美国国家公共电台 NPR 'Somebody's On My Side': 3 Men Who Escaped Poverty Help Others Find A Way Out(在线收听

 

LEILA FADEL, HOST:

NPR's Pam Fessler has reported on efforts to fight poverty in the U.S. for over a decade. Along the way, she's seen how sometimes a single person can have the most impact. On a recent trip to Albany, N.Y., she met three men who grew up in poverty and are now trying to help others get out. She has this reporter's notebook.

PAM FESSLER, BYLINE: Paul Collins-Hackett sits in Albany's Youth Opportunity Office trying to guide a teenage boy through the ins and outs of getting a job.

PAUL COLLINS-HACKETT: If you're early, you're on time. If you're on time, you're late. If you're late, you might as well not show up.

FESSLER: He's like a big brother - encouraging, but direct. When the young man tells Collins-Hackett that he wants the job to help his mother...

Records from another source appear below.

Lemma corner_int_lin n (f g : (nat -> R) -> R) a e s :
  polyfun f -> polyfun g ->
  corner_int n s (fun xs => a * f (cat_env xs e) + g (cat_env xs e)) =
  a * corner_int n s (fun xs => f (cat_env xs e))
    + corner_int n s (fun xs => g (cat_env xs e)).
Proof.
move=> Pf Pg; elim: n e s => [//|n IHn] e s /=.
rewrite -RintegralZl ?corner_int_slice_integrable // -RintegralD //=.
- by apply: eq_Rintegral => t _; apply: IHn.
- exact: integrableZl _ _ (corner_int_slice_integrable _ _ _ Pf).
- exact: corner_int_slice_integrable.
Qed.

Lemma corner_int_ge0 n s (f : seq R -> R) : (forall xs, 0 <= f xs) ->
  0 <= corner_int n s f.
Proof.
elim: n s f => [|n IHn] s f f_ge0 //=.
by apply: Rintegral_ge0 => t _; apply: IHn.
Qed.

Lemma corner_int1 n (s : R) : 0 <= s ->
  corner_int n s (fun _ => 1) = s ^+ n / n`!%:R.
Proof.
elim: n s => [|n IHn] s s_ge0 /=; first by rewrite expr0 fact0 divr1.
pose u : {poly R} := s%:P - 'X.
have u_t t : u.[t] = s - t by rewrite hornerD hornerN hornerC hornerX.
have un_t t : ((n`!%:R)^-1 *: u ^+ n).[t] = (s - t) ^+ n / n`!%:R.
  by rewrite hornerZ horner_exp u_t mulrC.
transitivity (Rintegral mu `[0, s]%classic (horner ((n`!%:R)^-1 *: u ^+ n))).
  apply: eq_Rintegral => t /itv0_subr_ge0 t_le_s.
  by rewrite IHn //; exact/esym/un_t.
rewrite (@Rintegral_horner_deriv _ _ (- ((n.+1)`!%:R^-1 *: u ^+ n.+1))) //.
  rewrite !hornerN !hornerZ !horner_exp !u_t subrr subr0 expr0n mulr0 oppr0.
  by rewrite sub0r opprK mulrC.
rewrite derivN derivZ deriv_exp derivB derivC derivX sub0r mulN1r mulNrn.
rewrite scalerN opprK -(scaler_nat n.+1) scalerA factS natrM invfM mulrAC.
by rewrite mulVf ?mul1r ?pnatr_eq0.
Qed.

End CornerIntegral.

Section Simplex.
Variables (R : realType) (d : nat).
Local Notation I := (@simplex_int R d).

Definition simplex_polyfun (g : 'cV[R]_d.+1 -> R) : Prop :=
  exists2 f : (nat -> R) -> R, polyfun f &
    forall xs e, size xs = d -> g (simplex_pt d xs) = f (cat_env xs e).

Lemma simplex_polyfun_cst a : simplex_polyfun (fun _ => a).
Proof. by exists (fun _ => a) => //; exact: polyfun_cst. Qed.

Lemma simplex_polyfun_add g h : simplex_polyfun g -> simplex_polyfun h ->
  simplex_polyfun (fun l => g l + h l).
Proof.
move=> [f Pf gf] [k Pk hk]; exists (fun e => f e + k e); first exact: polyfun_add.
by move=> xs e xs_d; rewrite (gf _ e) // (hk _ e).
Qed.

Lemma simplex_polyfun_mul g h : simplex_polyfun g -> simplex_polyfun h ->
  simplex_polyfun (fun l => g l * h l).
Proof.
move=> [f Pf gf] [k Pk hk]; exists (fun e => f e * k e); first exact: polyfun_mul.
by move=> xs e xs_d; rewrite (gf _ e) // (hk _ e).
Qed.

Lemma simplex_polyfun_sum (J : Type) (r : seq J) (g : J -> 'cV[R]_d.+1 -> R) :
  (forall j, simplex_polyfun (g j)) ->
  simplex_polyfun (fun l => \sum_(j <- r) g j l).
Proof.
move=> Pg; elim: r => [|j r IHr].
  rewrite (_ : (fun _ => _) = fun=> 0); first exact: simplex_polyfun_cst.
  by apply/funext => l; rewrite big_nil.
rewrite (_ : (fun _ => _) = fun l => g j l + \sum_(i <- r) g i l).
  exact: simplex_polyfun_add.
by apply/funext => l; rewrite big_cons.
Qed.

Lemma simplex_polyfun_coord i : simplex_polyfun (fun l => l i 0).
Proof.
exists (fun e => if (i < d)%N then e (d - i.+1)%N else 1 - \sum_(k < d) e k).
  case: ltnP => _; first exact: polyfun_var.
  apply: polyfun_sub; first exact: polyfun_cst.
  by apply: polyfun_sum => k; exact: polyfun_var.
move=> xs e xs_d; rewrite /simplex_pt mxE nth_cat xs_d.
case: ltnP => [i_lt|i_ge]; first by rewrite -(cat_env_nth e) ?xs_d.
have -> : nat_of_ord i = d by apply/eqP; rewrite eqn_leq i_ge -ltnS ltn_ord.
by rewrite subnn /= (sum_cat_env _ e) xs_d.
Qed.

Lemma simplex_int_cat_env g f :
  (forall xs e, size xs = d -> g (simplex_pt d xs) = f (cat_env xs e)) ->
  I g = Num.sqrt d.+1%:R * corner_int d 1 (fun xs => f (cat_env xs (fun=> 0))).
Proof. by move=> gf; congr (_ * _); apply: eq_corner_int => xs; exact: gf. Qed.

Lemma simplex_int_lin a g h : simplex_polyfun g -> simplex_polyfun h ->
  I (fun l => a * g l + h l) = a * I g + I h.
Proof.
move=> [f Pf gf] [k Pk hk].
rewrite (simplex_int_cat_env gf) (simplex_int_cat_env hk).
rewrite (@simplex_int_cat_env _ (fun e => a * f e + k e)); last first.
  by move=> xs e xs_d; rewrite (gf _ e) // (hk _ e).
by rewrite corner_int_lin // mulrDr mulrCA.
Qed.

Lemma simplex_int0 : I (fun=> 0) = 0.
Proof.
have := simplex_int_lin (-1) (simplex_polyfun_cst 1) (simplex_polyfun_cst 1).
by rewrite mulN1r addNr mulN1r addNr.
Qed.

Lemma simplex_intZ a g : simplex_polyfun g -> I (fun l => a * g l) = a * I g.
Proof.
move=> Pg; have := simplex_int_lin a Pg (simplex_polyfun_cst 0).
by rewrite simplex_int0 addr0 => <-; congr I; apply/funext => l; rewrite addr0.
Qed.

Lemma simplex_intD g h : simplex_polyfun g -> simplex_polyfun h ->
  I (fun l => g l + h l) = I g + I h.
Proof.
move=> Pg Ph; rewrite -[I g]mul1r -simplex_int_lin //.
by congr I; apply/funext => l; rewrite mul1r.
Qed.

Lemma simplex_int_sum (J : Type) (r : seq J) (g : J -> 'cV[R]_d.+1 -> R) :
  (forall j, simplex_polyfun (g j)) ->
  I (fun l => \sum_(j <- r) g j l) = \sum_(j <- r) I (g j).
Proof.
move=> Pg; elim: r => [|j r IHr].
  rewrite big_nil -[in RHS]simplex_int0.
  by congr I; apply/funext => l; rewrite big_nil.
rewrite big_cons -IHr -simplex_intD //; last exact: simplex_polyfun_sum.
by congr I; apply/funext => l; rewrite big_cons.
Qed.

Lemma simplex_int_cst a : I (fun=> a) = a * simplex_vol R d.
Proof.
rewrite -(simplex_intZ a (simplex_polyfun_cst 1)).
by congr I; apply/funext => l; rewrite mulr1.
Qed.

Lemma simplex_int_ge0 g : (forall l, 0 <= g l) -> 0 <= I g.
Proof. by move=> g_ge0; rewrite mulr_ge0 ?sqrtr_ge0 ?corner_int_ge0. Qed.

Lemma simplex_vol_gt0 : 0 < simplex_vol R d.
Proof.
by rewrite /simplex_vol /simplex_int corner_int1 // expr1n mul1r mulr_gt0.
Qed.

Local Notation v := (simplex_vol R d).
Local Notation mu := (simplex_mean R d).
Local Notation S := (simplex_cov R d).

Lemma simplex_int_coord i : I (fun l => l i 0) = v * mu i 0.
Proof. by rewrite mxE mulrC divfK ?gt_eqF ?simplex_vol_gt0. Qed.

Lemma simplex_int_cov i j :
  I (fun l => (l i 0 - mu i 0) * (l j 0 - mu j 0)) = v * S i j.
Proof. by rewrite [S i j]mxE mulrC divfK ?gt_eqF ?simplex_vol_gt0. Qed.

Let dev (c l : 'cV[R]_d.+1) : R := \sum_i c i 0 * (l i 0 - mu i 0).

Let simplex_polyfun_dev_coord i :
  simplex_polyfun (fun l : 'cV[R]_d.+1 => l i 0 - mu i 0).
Proof.
exact: simplex_polyfun_add (simplex_polyfun_coord i) (simplex_polyfun_cst _).
Qed.

Let simplex_polyfun_dev_term (c : 'cV[R]_d.+1) i :
  simplex_polyfun (fun l => c i 0 * (l i 0 - mu i 0)).
Proof.
exact: simplex_polyfun_mul (simplex_polyfun_cst _) (simplex_polyfun_dev_coord i).
Qed.

Let simplex_polyfun_dev c : simplex_polyfun (dev c).
Proof. by apply: simplex_polyfun_sum => i; exact: simplex_polyfun_dev_term. Qed.

Let simplex_int_dev c : I (dev c) = 0.
Proof.
rewrite simplex_int_sum => [|i]; last exact: simplex_polyfun_dev_term.
apply: big1 => i _; rewrite simplex_intZ // simplex_intD.
- rewrite simplex_int_coord simplex_int_cst mulNr [mu i 0 * _]mulrC.
  by rewrite subrr mulr0.
- exact: simplex_polyfun_coord.
- exact: simplex_polyfun_cst.
Qed.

UNIDENTIFIED PERSON: So I can help her pay bills and stuff so that we're not getting kicked out of houses all the times and moving around a lot.

FESSLER: ...Collins-Hackett leans in even closer.

COLLINS-HACKETT: I completely respect that struggle. My father passed away when I was 3. And my mother's blind. So I've always been super poor and having to help out with bills and stuff like that. So the fact that you have all those people that you're helping and you're just rising to the occasion, good brother. However I can help, let me know, please.

FESSLER: And so it goes in Albany's poorest neighborhoods, where a recent study found that teens face some of the toughest conditions in the country - crime, inadequate housing, missing parents. Several people who grew up in similar circumstances are now working with the city and nonprofits to help these kids survive and hopefully thrive.

JONATHAN JONES: I've been a part of every government program you can think of.

FESSLER: Collins-Hackett's boss Jonathan Jones credits his single mother's persistence for getting him where he is today. The city's commissioner of Recreation, Youth and Workforce Services, Jones says she pushed him to take advantage of every academic opportunity. Now on the wall of the office that Jones runs is a mural painted by one of the teens he mentored, a 17-year-old gang member.

JONES: Yeah. This is him walking off the steps in order to become me or a person in a suit.

FESSLER: The mural shows a young man - his pants hanging below his bottom - leaving behind a gun, a knife and a needle and heading up towards a man with his arm extended.

JONES: And this is the things that he sees as success.

FESSLER: There are pictures of a house, a car, a diploma and symbols for peace of mind.

So where is he now?

JONES: Nobody knows.

FESSLER: Doesn't that bother him, I ask.

JONES: No, because I know I had an impact. He won't forget this.

FESSLER: Jones says you have to do what you can and hope for the best. Research shows that there are many factors that can help break the cycle of poverty - good schools, access to health care, safer neighborhoods. But there's no magic bullet. Sometimes, it's a combination of things or an encounter with the right person or experience.

JUSTIN GADDY: I was really deep into violence. You know, that was my thing.

FESSLER: Justin Gaddy has an office a few blocks from Jones'. He had very little supervision growing up and got so deep into gangs and guns that in his late teens, he was convicted on federal racketeering charges. He faced the possibility of life in prison.

GADDY: When I actually got sentenced, I didn't get the time I was supposed to get.

FESSLER: Instead, he got only six years.

GADDY: That made me think, like, damn, somebody's on my side.

FESSLER: Just the lucky break he needed to start thinking about turning his life around. Now, years later, he's an outreach worker trying to stop other teens from falling into gang life. Like Collins-Hackett and Jones, Gaddy thinks it's crucial that the kids he deals with recognize that he knows exactly what they're up against.

GADDY: Like, I went through the same thing. I said, look at me now. I would have never thought I'd be where I'm at right now. And I got here by taking this route. And I'm like, and this is how we can help you.

FESSLER: Which, in his case, is redirecting them from the streets into sports, jobs and other activities. All three of these men know they can't help everyone, but they realize from their own experiences that those they do reach might someday succeed and inspire somebody else. Pam Fessler, NPR News, Albany, N.Y.